[Data extracted from a collection]
_ _ _ _ _
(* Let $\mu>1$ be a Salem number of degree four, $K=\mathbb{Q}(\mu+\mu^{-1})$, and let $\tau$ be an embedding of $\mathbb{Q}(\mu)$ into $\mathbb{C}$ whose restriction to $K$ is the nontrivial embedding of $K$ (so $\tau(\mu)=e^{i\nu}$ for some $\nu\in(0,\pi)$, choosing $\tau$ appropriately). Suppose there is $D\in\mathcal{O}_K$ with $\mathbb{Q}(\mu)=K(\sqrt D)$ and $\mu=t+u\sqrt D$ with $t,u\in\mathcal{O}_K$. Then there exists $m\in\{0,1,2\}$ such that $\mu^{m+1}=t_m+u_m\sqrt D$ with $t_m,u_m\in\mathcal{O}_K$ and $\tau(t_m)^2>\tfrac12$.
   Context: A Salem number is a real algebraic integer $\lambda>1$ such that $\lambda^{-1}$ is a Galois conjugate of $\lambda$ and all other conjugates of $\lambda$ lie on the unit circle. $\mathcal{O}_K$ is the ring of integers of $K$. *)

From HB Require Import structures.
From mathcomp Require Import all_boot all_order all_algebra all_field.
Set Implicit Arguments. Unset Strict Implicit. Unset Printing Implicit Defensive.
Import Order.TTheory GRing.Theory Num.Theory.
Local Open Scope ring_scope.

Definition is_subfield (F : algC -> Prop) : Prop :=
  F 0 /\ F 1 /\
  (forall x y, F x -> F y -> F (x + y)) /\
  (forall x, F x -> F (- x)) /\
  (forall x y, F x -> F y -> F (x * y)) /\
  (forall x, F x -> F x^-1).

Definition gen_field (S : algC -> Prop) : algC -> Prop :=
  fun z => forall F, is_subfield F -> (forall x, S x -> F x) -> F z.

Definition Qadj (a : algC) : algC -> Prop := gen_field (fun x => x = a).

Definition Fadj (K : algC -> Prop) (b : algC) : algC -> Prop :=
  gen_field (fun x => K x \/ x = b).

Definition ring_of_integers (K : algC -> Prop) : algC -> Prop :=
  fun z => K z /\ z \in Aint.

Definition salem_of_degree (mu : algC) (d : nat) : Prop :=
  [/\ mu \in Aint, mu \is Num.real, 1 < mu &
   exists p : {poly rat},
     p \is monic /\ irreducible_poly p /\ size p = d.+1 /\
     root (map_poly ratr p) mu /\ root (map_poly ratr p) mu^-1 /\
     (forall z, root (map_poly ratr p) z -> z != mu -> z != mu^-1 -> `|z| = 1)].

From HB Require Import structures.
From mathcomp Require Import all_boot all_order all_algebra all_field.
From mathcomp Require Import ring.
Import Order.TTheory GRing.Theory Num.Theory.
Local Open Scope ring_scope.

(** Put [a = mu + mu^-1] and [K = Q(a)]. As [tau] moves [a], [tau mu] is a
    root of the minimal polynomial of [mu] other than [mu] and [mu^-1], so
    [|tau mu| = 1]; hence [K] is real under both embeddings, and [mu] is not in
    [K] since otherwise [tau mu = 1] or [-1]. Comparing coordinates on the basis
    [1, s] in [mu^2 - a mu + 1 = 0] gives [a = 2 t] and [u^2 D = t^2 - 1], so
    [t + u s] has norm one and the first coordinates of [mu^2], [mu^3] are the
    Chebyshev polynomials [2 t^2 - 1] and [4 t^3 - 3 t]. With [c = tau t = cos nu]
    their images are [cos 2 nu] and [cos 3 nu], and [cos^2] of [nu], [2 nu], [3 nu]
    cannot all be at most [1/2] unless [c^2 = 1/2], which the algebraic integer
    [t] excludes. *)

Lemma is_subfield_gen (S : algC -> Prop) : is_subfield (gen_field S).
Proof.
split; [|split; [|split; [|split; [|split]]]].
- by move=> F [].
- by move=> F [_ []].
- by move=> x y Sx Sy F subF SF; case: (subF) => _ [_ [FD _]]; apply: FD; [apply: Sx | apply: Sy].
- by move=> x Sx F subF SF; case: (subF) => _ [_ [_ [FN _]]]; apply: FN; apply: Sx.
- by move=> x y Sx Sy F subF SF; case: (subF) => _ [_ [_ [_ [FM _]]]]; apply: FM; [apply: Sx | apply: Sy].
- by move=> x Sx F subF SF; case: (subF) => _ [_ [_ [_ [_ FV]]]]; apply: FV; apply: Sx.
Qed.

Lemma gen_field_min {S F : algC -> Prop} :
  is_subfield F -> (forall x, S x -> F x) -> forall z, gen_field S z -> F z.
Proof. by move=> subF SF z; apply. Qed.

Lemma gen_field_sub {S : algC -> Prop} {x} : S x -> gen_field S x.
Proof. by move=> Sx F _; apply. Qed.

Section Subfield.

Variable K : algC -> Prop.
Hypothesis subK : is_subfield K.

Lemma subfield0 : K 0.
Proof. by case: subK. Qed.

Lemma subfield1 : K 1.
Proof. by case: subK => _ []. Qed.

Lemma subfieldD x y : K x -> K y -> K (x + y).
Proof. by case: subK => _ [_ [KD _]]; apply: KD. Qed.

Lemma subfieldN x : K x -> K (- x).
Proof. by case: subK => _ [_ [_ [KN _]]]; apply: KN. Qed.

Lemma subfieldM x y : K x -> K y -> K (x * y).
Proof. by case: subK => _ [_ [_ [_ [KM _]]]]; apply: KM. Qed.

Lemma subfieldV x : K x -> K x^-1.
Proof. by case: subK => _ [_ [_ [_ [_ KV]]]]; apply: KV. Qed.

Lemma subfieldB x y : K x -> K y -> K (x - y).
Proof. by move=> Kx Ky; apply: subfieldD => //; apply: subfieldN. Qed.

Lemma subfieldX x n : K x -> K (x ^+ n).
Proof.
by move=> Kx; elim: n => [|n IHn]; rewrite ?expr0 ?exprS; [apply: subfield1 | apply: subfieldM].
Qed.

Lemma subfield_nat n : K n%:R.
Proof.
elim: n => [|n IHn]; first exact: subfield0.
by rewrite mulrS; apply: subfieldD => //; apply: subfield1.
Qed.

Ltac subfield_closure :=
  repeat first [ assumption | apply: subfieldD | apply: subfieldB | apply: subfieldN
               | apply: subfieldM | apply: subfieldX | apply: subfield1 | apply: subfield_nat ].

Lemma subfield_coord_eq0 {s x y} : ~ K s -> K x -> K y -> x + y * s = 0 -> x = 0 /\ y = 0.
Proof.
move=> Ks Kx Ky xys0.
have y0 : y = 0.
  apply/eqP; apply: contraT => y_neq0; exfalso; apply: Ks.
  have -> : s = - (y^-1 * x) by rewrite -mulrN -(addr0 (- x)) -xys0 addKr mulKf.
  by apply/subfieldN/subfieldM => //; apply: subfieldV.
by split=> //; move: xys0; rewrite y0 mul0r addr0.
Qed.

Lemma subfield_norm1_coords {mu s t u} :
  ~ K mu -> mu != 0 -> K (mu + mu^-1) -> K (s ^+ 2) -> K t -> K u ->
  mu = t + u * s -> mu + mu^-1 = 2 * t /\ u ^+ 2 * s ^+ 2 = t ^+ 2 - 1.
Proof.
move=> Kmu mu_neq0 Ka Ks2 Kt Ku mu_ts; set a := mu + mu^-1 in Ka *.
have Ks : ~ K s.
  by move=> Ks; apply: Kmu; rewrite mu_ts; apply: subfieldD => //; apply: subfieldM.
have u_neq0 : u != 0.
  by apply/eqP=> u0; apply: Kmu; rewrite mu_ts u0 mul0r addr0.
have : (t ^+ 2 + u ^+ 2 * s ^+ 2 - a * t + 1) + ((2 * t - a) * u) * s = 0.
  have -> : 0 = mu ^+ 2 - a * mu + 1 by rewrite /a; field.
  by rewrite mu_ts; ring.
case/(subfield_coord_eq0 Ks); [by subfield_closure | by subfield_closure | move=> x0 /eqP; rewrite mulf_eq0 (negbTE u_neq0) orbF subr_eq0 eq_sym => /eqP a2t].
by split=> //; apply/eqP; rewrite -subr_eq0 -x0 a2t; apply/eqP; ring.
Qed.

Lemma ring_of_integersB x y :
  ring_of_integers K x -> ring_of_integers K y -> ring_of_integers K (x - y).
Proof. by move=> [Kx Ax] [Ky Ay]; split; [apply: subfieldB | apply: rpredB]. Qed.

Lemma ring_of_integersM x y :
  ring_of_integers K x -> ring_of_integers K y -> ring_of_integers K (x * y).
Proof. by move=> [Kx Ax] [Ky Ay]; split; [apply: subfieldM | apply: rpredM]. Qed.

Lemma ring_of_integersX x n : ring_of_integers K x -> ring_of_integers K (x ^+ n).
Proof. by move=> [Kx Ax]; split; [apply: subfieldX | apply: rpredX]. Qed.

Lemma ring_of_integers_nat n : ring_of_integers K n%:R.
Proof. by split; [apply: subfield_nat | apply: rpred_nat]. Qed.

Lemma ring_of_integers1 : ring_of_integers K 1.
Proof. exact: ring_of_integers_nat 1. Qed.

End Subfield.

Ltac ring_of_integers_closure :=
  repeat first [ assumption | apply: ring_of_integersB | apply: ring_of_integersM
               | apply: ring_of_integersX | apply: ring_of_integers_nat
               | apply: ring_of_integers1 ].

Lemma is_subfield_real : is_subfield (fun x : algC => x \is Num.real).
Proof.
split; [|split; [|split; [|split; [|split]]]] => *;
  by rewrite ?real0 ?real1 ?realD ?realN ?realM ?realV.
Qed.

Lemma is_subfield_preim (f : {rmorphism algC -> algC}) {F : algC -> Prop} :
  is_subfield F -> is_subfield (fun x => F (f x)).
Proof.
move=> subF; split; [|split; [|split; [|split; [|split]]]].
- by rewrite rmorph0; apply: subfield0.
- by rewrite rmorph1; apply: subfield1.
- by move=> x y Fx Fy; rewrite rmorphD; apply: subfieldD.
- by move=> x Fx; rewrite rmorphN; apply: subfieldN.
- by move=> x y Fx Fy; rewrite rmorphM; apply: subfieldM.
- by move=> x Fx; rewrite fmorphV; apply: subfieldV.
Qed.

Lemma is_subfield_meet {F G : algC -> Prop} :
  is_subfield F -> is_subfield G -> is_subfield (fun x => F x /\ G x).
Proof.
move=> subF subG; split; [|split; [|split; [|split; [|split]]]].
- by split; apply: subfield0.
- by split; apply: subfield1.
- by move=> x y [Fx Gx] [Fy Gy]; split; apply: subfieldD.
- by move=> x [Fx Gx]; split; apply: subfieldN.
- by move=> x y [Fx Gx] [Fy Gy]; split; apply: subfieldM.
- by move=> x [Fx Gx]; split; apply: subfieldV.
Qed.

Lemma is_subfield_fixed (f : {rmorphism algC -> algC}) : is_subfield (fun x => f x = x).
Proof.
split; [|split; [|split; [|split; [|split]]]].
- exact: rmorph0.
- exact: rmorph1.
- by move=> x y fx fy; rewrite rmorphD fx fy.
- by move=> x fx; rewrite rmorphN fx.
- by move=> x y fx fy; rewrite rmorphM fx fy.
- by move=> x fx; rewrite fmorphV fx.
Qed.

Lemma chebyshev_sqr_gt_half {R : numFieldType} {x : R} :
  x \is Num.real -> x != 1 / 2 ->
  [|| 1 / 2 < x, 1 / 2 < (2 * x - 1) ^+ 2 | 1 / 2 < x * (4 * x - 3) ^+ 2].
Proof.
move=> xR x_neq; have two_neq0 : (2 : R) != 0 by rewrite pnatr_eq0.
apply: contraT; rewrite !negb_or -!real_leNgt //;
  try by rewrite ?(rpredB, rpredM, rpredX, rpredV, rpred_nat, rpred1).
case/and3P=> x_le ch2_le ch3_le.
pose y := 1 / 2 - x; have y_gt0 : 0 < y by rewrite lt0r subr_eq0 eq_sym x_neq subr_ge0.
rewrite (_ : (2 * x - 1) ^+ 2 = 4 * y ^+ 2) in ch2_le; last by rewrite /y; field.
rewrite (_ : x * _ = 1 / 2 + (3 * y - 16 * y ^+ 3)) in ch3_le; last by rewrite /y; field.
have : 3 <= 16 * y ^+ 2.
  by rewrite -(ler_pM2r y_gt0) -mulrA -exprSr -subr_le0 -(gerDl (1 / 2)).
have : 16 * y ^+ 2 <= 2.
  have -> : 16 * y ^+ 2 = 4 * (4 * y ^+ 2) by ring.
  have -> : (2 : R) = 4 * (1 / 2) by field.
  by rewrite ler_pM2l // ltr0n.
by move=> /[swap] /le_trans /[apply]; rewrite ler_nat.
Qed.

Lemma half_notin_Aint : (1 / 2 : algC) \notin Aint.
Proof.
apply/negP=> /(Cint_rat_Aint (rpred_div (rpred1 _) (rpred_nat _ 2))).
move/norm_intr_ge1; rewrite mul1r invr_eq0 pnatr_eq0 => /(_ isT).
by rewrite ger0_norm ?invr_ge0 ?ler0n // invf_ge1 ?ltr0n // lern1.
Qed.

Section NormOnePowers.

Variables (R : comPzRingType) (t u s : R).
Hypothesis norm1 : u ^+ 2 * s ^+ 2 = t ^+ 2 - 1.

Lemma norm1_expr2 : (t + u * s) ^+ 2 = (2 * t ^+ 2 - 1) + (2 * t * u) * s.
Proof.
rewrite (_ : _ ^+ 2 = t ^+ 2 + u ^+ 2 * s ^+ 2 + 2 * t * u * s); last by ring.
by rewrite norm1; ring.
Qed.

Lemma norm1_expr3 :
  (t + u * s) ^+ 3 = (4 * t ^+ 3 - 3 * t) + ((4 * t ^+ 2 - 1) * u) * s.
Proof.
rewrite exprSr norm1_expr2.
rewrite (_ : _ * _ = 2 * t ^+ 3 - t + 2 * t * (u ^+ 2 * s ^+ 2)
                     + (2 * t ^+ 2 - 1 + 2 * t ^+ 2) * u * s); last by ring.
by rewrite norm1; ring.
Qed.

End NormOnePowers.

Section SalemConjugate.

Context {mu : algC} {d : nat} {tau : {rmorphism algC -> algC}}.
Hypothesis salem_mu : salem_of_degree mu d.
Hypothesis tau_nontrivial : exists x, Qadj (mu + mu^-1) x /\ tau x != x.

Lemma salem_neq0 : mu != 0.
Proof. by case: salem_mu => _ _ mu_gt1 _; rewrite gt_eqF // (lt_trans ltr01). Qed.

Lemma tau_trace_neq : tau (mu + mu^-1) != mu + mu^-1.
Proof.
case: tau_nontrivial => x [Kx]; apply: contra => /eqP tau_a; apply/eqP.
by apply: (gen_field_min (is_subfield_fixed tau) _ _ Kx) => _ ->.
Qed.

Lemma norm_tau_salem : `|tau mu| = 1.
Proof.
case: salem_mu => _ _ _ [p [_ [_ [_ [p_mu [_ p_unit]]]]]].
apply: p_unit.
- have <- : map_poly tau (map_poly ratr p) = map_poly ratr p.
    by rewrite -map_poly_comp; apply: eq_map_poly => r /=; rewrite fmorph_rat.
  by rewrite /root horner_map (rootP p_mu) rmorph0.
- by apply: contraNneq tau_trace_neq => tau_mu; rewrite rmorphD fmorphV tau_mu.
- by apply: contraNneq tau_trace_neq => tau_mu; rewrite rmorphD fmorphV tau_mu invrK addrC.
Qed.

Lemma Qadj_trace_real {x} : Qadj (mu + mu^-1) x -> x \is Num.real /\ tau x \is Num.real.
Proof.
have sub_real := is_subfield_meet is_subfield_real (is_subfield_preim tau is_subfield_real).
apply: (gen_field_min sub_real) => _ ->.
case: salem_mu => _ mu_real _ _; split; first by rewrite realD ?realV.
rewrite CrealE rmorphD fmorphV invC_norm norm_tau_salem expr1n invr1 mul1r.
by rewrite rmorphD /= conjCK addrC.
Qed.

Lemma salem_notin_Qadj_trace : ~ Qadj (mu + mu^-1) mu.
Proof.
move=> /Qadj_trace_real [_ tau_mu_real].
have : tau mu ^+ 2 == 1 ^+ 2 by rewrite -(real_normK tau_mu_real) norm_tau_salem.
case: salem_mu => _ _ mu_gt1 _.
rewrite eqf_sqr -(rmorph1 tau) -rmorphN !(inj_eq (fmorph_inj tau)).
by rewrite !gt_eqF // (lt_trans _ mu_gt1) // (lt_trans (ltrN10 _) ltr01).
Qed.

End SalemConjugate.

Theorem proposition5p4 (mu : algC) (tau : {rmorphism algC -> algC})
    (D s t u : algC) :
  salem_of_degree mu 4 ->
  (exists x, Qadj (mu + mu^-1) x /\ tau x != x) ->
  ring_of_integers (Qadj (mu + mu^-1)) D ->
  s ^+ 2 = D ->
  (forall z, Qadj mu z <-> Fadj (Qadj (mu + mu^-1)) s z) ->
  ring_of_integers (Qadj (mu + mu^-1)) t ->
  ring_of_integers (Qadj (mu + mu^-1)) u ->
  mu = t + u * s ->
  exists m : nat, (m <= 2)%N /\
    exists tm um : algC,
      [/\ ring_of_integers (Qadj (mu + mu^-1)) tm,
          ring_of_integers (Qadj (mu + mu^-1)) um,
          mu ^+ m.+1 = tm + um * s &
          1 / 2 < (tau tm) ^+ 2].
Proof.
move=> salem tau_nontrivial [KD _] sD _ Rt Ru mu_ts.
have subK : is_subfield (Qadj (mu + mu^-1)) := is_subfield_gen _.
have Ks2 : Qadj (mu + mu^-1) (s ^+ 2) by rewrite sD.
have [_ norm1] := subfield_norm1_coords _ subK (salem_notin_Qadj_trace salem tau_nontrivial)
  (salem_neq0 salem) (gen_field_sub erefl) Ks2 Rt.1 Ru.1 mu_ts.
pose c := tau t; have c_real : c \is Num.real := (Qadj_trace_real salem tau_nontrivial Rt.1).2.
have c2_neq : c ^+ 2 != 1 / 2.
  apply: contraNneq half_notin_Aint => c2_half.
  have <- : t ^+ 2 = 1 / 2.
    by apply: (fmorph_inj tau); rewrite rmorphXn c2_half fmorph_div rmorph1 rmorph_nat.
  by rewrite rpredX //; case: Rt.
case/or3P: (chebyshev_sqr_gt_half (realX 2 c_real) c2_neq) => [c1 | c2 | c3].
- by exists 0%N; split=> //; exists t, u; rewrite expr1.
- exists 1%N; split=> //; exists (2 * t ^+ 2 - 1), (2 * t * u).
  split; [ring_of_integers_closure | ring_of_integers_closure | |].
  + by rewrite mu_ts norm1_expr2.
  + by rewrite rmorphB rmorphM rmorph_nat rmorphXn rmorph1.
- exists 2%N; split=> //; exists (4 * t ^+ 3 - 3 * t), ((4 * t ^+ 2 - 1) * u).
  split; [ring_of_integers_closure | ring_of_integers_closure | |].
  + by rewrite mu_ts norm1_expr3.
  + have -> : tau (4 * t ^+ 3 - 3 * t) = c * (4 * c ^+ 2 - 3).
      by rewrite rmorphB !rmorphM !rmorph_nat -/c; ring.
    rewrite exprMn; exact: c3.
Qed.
_ _ _ _ _
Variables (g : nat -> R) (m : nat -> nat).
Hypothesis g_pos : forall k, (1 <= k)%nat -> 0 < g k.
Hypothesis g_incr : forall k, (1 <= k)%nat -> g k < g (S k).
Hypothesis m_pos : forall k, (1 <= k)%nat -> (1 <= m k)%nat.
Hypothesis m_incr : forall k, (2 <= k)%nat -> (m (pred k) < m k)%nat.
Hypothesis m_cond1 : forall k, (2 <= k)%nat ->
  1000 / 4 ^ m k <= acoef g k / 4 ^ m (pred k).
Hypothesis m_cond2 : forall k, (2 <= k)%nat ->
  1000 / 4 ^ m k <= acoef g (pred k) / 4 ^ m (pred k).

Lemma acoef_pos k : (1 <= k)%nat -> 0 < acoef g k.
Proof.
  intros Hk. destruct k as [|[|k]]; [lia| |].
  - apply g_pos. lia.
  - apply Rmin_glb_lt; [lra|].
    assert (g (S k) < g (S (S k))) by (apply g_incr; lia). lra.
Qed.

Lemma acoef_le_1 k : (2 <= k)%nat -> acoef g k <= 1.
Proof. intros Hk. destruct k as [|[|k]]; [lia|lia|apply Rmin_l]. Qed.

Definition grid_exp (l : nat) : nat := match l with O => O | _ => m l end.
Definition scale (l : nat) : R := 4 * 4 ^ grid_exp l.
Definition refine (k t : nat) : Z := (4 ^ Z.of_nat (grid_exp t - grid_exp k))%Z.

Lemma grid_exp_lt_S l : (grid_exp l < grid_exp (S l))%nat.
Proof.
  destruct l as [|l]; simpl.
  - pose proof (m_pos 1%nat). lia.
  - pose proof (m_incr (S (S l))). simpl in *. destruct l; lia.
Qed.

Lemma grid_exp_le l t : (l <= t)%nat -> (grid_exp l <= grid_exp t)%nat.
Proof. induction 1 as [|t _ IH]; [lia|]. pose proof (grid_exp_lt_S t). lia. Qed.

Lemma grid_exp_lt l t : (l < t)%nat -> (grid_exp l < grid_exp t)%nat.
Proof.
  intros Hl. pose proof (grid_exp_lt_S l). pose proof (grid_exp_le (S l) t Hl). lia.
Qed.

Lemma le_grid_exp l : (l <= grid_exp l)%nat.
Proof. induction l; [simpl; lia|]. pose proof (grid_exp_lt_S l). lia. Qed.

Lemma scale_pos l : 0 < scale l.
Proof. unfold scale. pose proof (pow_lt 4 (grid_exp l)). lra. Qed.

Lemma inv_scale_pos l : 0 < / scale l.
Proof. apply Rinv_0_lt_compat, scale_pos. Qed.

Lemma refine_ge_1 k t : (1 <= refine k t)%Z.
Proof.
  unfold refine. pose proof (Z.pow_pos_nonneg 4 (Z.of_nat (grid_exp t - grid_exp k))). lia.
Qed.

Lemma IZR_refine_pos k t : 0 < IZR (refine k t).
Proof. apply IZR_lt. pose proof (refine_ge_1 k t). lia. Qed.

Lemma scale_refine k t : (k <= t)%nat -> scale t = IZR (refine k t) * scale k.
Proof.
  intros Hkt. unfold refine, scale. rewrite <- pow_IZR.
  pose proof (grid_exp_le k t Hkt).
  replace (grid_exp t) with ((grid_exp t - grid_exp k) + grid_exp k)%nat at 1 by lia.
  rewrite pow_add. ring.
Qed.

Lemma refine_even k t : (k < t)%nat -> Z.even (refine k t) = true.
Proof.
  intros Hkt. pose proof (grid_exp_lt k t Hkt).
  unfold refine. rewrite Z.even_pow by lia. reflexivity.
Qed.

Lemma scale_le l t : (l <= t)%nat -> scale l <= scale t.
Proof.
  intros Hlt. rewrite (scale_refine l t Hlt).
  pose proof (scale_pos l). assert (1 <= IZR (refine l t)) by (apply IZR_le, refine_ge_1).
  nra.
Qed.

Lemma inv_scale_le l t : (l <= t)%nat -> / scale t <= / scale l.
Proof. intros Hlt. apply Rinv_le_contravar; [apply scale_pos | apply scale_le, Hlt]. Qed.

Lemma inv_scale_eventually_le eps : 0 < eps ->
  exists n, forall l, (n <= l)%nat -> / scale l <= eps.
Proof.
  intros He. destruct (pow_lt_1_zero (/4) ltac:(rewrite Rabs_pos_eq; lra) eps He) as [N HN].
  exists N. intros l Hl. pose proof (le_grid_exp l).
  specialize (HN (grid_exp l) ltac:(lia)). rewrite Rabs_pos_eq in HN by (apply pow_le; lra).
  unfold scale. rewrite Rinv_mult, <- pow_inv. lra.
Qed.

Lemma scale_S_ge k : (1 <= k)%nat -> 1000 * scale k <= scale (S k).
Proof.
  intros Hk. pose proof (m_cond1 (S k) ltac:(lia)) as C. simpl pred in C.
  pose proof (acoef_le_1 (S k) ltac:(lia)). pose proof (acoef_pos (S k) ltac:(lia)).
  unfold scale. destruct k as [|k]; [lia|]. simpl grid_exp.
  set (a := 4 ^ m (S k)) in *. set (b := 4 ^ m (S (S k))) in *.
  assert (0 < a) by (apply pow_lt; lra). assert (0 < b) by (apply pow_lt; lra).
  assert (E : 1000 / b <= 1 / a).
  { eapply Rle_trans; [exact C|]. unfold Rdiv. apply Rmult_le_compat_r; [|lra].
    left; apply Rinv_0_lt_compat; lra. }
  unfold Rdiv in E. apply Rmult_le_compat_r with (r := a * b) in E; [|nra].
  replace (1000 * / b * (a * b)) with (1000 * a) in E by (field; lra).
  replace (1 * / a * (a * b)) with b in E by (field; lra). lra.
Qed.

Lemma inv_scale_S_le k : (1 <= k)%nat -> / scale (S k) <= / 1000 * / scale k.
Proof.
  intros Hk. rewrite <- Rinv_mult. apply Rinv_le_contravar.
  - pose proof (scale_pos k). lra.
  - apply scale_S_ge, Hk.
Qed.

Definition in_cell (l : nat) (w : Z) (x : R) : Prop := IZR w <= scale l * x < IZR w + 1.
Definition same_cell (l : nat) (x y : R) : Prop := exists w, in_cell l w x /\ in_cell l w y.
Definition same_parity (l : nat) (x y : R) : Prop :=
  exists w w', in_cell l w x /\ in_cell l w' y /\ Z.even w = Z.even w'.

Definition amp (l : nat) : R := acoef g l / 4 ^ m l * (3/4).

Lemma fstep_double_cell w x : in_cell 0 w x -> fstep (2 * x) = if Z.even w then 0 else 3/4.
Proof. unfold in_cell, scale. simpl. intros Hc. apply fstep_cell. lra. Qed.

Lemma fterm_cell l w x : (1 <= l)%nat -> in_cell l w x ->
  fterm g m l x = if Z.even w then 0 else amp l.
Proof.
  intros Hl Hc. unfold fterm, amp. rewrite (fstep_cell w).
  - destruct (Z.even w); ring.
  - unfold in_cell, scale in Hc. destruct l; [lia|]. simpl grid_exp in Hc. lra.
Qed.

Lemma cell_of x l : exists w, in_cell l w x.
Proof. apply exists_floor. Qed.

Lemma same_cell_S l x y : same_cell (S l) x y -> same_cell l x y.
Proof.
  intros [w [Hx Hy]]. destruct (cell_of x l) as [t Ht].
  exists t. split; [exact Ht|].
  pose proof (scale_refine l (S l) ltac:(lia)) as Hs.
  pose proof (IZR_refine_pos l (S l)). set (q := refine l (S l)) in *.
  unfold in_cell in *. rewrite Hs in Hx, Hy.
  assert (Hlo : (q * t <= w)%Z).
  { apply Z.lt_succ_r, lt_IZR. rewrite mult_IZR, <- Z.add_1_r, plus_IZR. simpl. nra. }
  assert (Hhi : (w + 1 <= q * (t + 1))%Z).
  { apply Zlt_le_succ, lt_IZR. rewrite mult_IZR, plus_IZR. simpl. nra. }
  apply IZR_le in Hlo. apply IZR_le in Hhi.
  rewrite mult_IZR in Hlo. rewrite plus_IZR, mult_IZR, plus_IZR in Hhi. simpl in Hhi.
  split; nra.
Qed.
_ _ _ _ _
- TO DO
What you give back must be the stretch above, starting at the line with "intros Hk. pose" and ending at the line with "Lemma fstep_double_cell w", copied exactly.

- EXERCISE ANSWER
  intros Hk. pose proof (m_cond1 (S k) ltac:(lia)) as C. simpl pred in C.
  pose proof (acoef_le_1 (S k) ltac:(lia)). pose proof (acoef_pos (S k) ltac:(lia)).
  unfold scale. destruct k as [|k]; [lia|]. simpl grid_exp.
  set (a := 4 ^ m (S k)) in *. set (b := 4 ^ m (S (S k))) in *.
  assert (0 < a) by (apply pow_lt; lra). assert (0 < b) by (apply pow_lt; lra).
  assert (E : 1000 / b <= 1 / a).
  { eapply Rle_trans; [exact C|]. unfold Rdiv. apply Rmult_le_compat_r; [|lra].
    left; apply Rinv_0_lt_compat; lra. }
  unfold Rdiv in E. apply Rmult_le_compat_r with (r := a * b) in E; [|nra].
  replace (1000 * / b * (a * b)) with (1000 * a) in E by (field; lra).
  replace (1 * / a * (a * b)) with b in E by (field; lra). lra.
Qed.

Lemma inv_scale_S_le k : (1 <= k)%nat -> / scale (S k) <= / 1000 * / scale k.
Proof.
  intros Hk. rewrite <- Rinv_mult. apply Rinv_le_contravar.
  - pose proof (scale_pos k). lra.
  - apply scale_S_ge, Hk.
Qed.

Definition in_cell (l : nat) (w : Z) (x : R) : Prop := IZR w <= scale l * x < IZR w + 1.
Definition same_cell (l : nat) (x y : R) : Prop := exists w, in_cell l w x /\ in_cell l w y.
Definition same_parity (l : nat) (x y : R) : Prop :=
  exists w w', in_cell l w x /\ in_cell l w' y /\ Z.even w = Z.even w'.

Definition amp (l : nat) : R := acoef g l / 4 ^ m l * (3/4).

Lemma fstep_double_cell w x : in_cell 0 w x -> fstep (2 * x) = if Z.even w then 0 else 3/4.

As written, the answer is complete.